## Task to complete
The answer should hold only the line with "apply: (GaussBorel_row_shift_diag GBb1" and each line after it through the last line of the material, exactly.

## Information
++++

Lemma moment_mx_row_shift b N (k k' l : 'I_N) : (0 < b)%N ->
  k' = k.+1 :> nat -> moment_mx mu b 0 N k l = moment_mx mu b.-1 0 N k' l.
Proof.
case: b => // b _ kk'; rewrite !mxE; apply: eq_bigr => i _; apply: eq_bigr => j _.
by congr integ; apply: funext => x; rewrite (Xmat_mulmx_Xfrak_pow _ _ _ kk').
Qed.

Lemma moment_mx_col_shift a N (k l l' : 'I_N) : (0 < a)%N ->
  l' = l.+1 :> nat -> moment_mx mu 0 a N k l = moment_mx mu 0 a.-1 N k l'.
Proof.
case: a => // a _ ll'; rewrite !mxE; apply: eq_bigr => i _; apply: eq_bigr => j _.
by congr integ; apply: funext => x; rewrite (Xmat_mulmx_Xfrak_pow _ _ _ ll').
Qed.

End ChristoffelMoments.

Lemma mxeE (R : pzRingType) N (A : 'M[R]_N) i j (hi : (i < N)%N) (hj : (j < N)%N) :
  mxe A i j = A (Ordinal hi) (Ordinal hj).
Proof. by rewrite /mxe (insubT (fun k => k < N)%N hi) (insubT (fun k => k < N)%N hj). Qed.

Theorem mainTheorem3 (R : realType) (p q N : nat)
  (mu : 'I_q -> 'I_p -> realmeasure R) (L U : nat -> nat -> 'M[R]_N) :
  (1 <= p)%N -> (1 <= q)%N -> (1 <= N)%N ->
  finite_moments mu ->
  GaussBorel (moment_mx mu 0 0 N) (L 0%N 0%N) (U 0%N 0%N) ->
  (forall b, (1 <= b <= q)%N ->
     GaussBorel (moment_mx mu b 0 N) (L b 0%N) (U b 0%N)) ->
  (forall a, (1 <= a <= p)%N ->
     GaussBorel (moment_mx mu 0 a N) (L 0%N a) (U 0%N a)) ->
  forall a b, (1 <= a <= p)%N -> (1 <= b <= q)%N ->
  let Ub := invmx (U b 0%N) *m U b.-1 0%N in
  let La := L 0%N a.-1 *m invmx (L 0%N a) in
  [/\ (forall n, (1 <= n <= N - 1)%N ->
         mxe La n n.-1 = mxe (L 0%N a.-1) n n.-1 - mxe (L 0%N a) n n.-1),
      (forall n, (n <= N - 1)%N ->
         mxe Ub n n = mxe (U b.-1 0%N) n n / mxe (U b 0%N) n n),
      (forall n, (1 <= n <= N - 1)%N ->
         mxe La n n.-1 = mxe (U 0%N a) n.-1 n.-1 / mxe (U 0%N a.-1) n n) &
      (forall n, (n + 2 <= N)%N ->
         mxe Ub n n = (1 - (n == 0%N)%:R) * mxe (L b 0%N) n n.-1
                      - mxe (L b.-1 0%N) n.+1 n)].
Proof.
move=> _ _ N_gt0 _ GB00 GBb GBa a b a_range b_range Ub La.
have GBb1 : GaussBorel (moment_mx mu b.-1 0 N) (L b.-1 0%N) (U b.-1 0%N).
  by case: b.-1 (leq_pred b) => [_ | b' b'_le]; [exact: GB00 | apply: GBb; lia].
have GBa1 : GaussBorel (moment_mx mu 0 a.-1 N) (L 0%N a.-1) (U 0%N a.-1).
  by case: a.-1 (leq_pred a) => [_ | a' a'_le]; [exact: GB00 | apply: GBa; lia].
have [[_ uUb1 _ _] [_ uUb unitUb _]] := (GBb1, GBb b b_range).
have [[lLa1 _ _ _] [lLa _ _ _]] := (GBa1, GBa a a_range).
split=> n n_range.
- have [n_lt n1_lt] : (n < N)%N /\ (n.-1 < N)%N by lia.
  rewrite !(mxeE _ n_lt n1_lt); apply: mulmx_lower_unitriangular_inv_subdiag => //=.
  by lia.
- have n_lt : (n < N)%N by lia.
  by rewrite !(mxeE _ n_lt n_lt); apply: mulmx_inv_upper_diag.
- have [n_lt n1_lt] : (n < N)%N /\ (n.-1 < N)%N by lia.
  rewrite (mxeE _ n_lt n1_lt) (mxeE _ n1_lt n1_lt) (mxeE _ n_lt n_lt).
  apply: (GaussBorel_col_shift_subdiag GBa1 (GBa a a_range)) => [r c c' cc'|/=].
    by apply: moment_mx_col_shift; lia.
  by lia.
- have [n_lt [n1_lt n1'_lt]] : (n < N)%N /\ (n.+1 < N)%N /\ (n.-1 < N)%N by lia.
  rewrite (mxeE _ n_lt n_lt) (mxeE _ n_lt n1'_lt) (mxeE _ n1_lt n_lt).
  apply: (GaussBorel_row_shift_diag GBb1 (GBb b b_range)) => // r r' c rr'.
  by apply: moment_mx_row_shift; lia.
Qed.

++++

## Exercise output
  apply: (GaussBorel_row_shift_diag GBb1 (GBb b b_range)) => // r r' c rr'.
  by apply: moment_mx_row_shift; lia.
Qed.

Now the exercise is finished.